Hello friends. Can you believe it’s already February?
I’ve spent the last three weeks as a fellow at the Virginia Center for the Creative Arts, near Amherst, VA. VCCA has been an artists’ residency for 50 years. The scene is bucolic, set on a former farm at the foot of the Blue Ridge Mountains. The fellows live and sleep in a separate residence, and they work in the Studio Barns which, as the name implies, were built in an old barn that was on the property. It’s the perfect commute, just about 5 minutes on foot.
The artists here are a mixed group — poets, fiction and non-fiction writers, as well as composers and visual artists working in every medium from sculpture to book arts, quilting to paint. I have never spent this much time with such creative and productive people. Although we are working hard, it doesn’t feel like work because, on some level, we are all speaking the same language about process and vision. You don’t have to explain yourself. You can feel the fellowship.
VCCA is down the road from Sweet Briar, a women’s college. It’s a gorgeous campus, and I have taken many walks there. The other day, I found the tiny cabin that faces the President’s house. Some maps of Sweet Briar call it the “19th-century cabin,” but other maps and signage make it clear what this is: a cabin that housed a family of enslaved people who helped build Sweet Briar’s campus. The cabin has been in continuous use since it was first built. After the Civil War, it passed to a family who made bricks for the college. Eventually, Sweet Briar used the cabin to house some of its programs; at one point, it functioned as the office of the alumnae association.
Now, however, the cabin houses an exhibition dedicated to the history of enslaved people on campus. I think that was really the only choice. The cabin, with its current purpose, represents something of a reckoning.
At the edge of campus, set into a glade surrounded by trees, are the burial grounds for enslaved people who lived and worked at Sweet Briar. You wouldn’t know where you were if it weren’t for the signs at the edge of the field. Grass and graves have folded into one, the graves marked by either hollows or rough stones set at the head. Those stones were likely never inscribed; they were too small. But they are more spiritual and moving than any headstone I have ever seen.
The burial grounds are peaceful yet vaguely haunting — the place defies description, so I won’t even try.

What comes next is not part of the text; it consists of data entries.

(* Let $(p_n)$ be a sequence with $0<\liminf_{n\to\infty} p_n\leq \limsup_{n\to\infty} p_n<1$, let $p=p_n$, $q=q_n=1-p_n$ and $V=npq$, and fix $M>0$. For $\varphi>0$ put $R=|pe^{i\varphi}+q|^n$ and \[ R_2=-\tfrac{1}{2}V,\quad R_4=\tfrac{1}{4}V\big(\tfrac{1}{6}-pq\big),\quad R_6=-\tfrac{1}{6}V\big(\tfrac{1}{120}-\tfrac{1}{4}pq+p^2q^2\big). \] Then, as $n\to\infty$, uniformly for $0<\varphi\leq M/V^{1/4}$, \[ R= e^{R_2\varphi^2}\Big(1+R_4\varphi^4+R_6\varphi^6+\frac{1}{2}R_4^2\varphi^8+\sum_{k=1}^3 O(n^k\varphi^{2k+6})\Big), \] i.e. there are $C>0$ and $N$ such that for all $n\geq N$ and all $0<\varphi\leq M/V^{1/4}$ the quantity $e^{-R_2\varphi^2}R-\big(1+R_4\varphi^4+R_6\varphi^6+\frac{1}{2}R_4^2\varphi^8\big)$ has absolute value at most $C\sum_{k=1}^3 n^k\varphi^{2k+6}$. *)

From Stdlib Require Import Reals.
From Coquelicot Require Import Coquelicot.
Open Scope R_scope.

Definition expi (phi : R) : C := (cos phi, sin phi).

Definition Rmod (p : R) (n : nat) (phi : R) : R :=
  (Cmod (RtoC p * expi phi + RtoC (1 - p))) ^ n.

Definition Vvar (p : R) (n : nat) : R := INR n * p * (1 - p).

Definition R2 (p : R) (n : nat) : R := - / 2 * Vvar p n.
Definition R4 (p : R) (n : nat) : R :=
  / 4 * Vvar p n * (/ 6 - p * (1 - p)).
Definition R6 (p : R) (n : nat) : R :=
  - / 6 * Vvar p n * (/ 120 - / 4 * (p * (1 - p)) + p ^ 2 * (1 - p) ^ 2).

(* With s = pq we have |p e^{i phi} + q|^2 = 1 - 2 s (1 - cos phi), so
   R = exp (n/2 ln (1 - 2 s (1 - cos phi))).  Expanding the logarithm and the
   cosine gives  n/2 ln (1 - 2 s (1 - cos phi)) + n s phi^2 / 2
   = R4 phi^4 + R6 phi^6 + O(n phi^8)  uniformly for s in (0, 1/4] and
   phi in (0, 1].  Since s stays away from 0 the constraint
   phi <= M / V^{1/4} makes n phi^4 bounded, so the exponent L is bounded and
   exp L = 1 + L + L^2/2 + O(L^3); the remainders O(n phi^8), O(n^2 phi^10)
   and O(n^3 phi^12) come from the O(n phi^8) error, the cross terms of L^2 and
   L^3 respectively. *)

From Stdlib Require Import Reals Lra Lia.
From Coquelicot Require Import Coquelicot.
Open Scope R_scope.

Lemma Rabs_mult_le (x y X Y : R) :
  Rabs x <= X -> Rabs y <= Y -> Rabs (x * y) <= X * Y.
Proof. intros. rewrite Rabs_mult. apply Rmult_le_compat; auto; apply Rabs_pos. Qed.

Lemma pow_le_pow_of_le_1 (t : R) (m n : nat) :
  0 <= t <= 1 -> (m <= n)%nat -> t ^ n <= t ^ m.
Proof.
  intros Ht Hmn. replace n with (m + (n - m))%nat by lia. rewrite pow_add.
  rewrite <- (Rmult_1_r (t ^ m)) at 2.
  apply Rmult_le_compat_l; [apply pow_le; lra|].
  rewrite <- (pow1 (n - m)). apply pow_incr. lra.
Qed.

Lemma even_pows_decreasing (t : R) : 0 < t <= 1 ->
  0 < t ^ 8 <= t ^ 6 /\ t ^ 6 <= t ^ 4 /\ t ^ 4 <= t ^ 2 /\ t ^ 2 <= 1.
Proof.
  intros Ht. rewrite <- (pow_O t) at 1.
  repeat split; try (apply pow_le_pow_of_le_1; [lra|lia]). apply pow_lt; lra.
Qed.

Lemma Rabs_le_of_deriv_bound (f f' : R -> R) (B K : R) (k : nat) :
  0 <= K -> f 0 = 0 ->
  (forall y, Rabs y <= B -> is_derive f y (f' y)) ->
  (forall y, Rabs y <= B -> Rabs (f' y) <= K * Rabs y ^ k) ->
  forall x, Rabs x <= B -> Rabs (f x) <= K * Rabs x ^ S k.
Proof.
  intros HK Hf0 Hder Hf' x Hx.
  assert (Hseg : forall c, Rmin 0 x <= c <= Rmax 0 x -> Rabs c <= Rabs x).
  { intros c Hc. rewrite <- (Rminus_0_r c), <- (Rminus_0_r x).
    apply Rabs_le_between_min_max. rewrite Rmin_comm, Rmax_comm. exact Hc. }
  destruct (MVT_gen f 0 x f') as [c [Hc Hmvt]].
  - intros y Hy. apply Hder. enough (Rabs y <= Rabs x) by lra. apply Hseg. lra.
  - intros y Hy. apply continuity_pt_filterlim, (ex_derive_continuous f).
    exists (f' y). apply Hder. enough (Rabs y <= Rabs x) by lra. apply Hseg. lra.
  - apply Hseg in Hc.
    rewrite Hf0, !Rminus_0_r in Hmvt. rewrite Hmvt, Rabs_mult. simpl.
    rewrite (Rmult_comm (Rabs x)), <- Rmult_assoc.
    apply Rmult_le_compat_r; [apply Rabs_pos|].
    eapply Rle_trans; [apply Hf'; lra|].
    apply Rmult_le_compat_l; auto. apply pow_incr. split; [apply Rabs_pos|auto].
Qed.

Lemma exp_taylor2_bound (B x : R) :
  Rabs x <= B -> Rabs (exp x - (1 + x + x ^ 2 / 2)) <= exp B * Rabs x ^ 3.
Proof.
  intros Hx.
  assert (HeB : 0 <= exp B) by (left; apply exp_pos).
  assert (H1 : forall y, Rabs y <= B -> Rabs (exp y - 1) <= exp B * Rabs y ^ 1).
  { apply (Rabs_le_of_deriv_bound _ exp); auto.
    - rewrite exp_0; ring.
    - intros y _. auto_derive; auto; ring.
    - intros y Hy. rewrite pow_O, Rmult_1_r, Rabs_right by (left; apply exp_pos).
      apply Rabs_le_between in Hy.
      destruct (Req_dec y B) as [->|]; [lra|left; apply exp_increasing; lra]. }
  assert (H2 : forall y, Rabs y <= B -> Rabs (exp y - 1 - y) <= exp B * Rabs y ^ 2).
  { apply (Rabs_le_of_deriv_bound _ (fun y => exp y - 1)); auto.
    - rewrite exp_0; ring.
    - intros y _. auto_derive; auto; ring. }
  replace (exp x - (1 + x + x ^ 2 / 2)) with (exp x - 1 - x - x ^ 2 / 2) by ring.
  revert x Hx. apply (Rabs_le_of_deriv_bound _ (fun y => exp y - 1 - y)); auto.
  - rewrite exp_0; field.
  - intros y _. auto_derive; auto; field.
Qed.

A single sign gives just enough to explain what you are seeing, but not so much as to make it a tourist spot. It must have been hard to figure out how much to say.
In addition to the sign, there is a small plaque that reads:
I paused at that word “founders” for a minute, unsure of what to think. I wondered if this plaque wasn’t a kind of cover-up, a way to soften, for fragile minds, what this place was and who these people were. But the other sign makes it clear that enslaved people were buried here — if you read it, there is no way you could misunderstand. “Founders,” then, began to feel like a good-faith attempt to pay tribute to what enslaved people endured at Sweet Briar, to the legacy they left behind, and to what we owe them.
Is it enough? I’m not sure.
It is a beginning.
An important reframe of who traditionally has received the word 'founder' in regards to American history. It's not enough, but it's a start for sure. What a beautiful piece and place! Thanks for sharing this with us.
This is really beautiful and not what I expected when I first started reading, although I like the dual meaning of "a spot in the woods" since it refers to both VCCA and this sacred place. I hadn't considered the way calling them "founders" is an attempt at whitewashing, but you're so right since it suggests voluntary work. And yet there's also this way that it acts as an asterisk on the term when the school (and others like it) talks about founders. In the same way it should for our country's founders, too.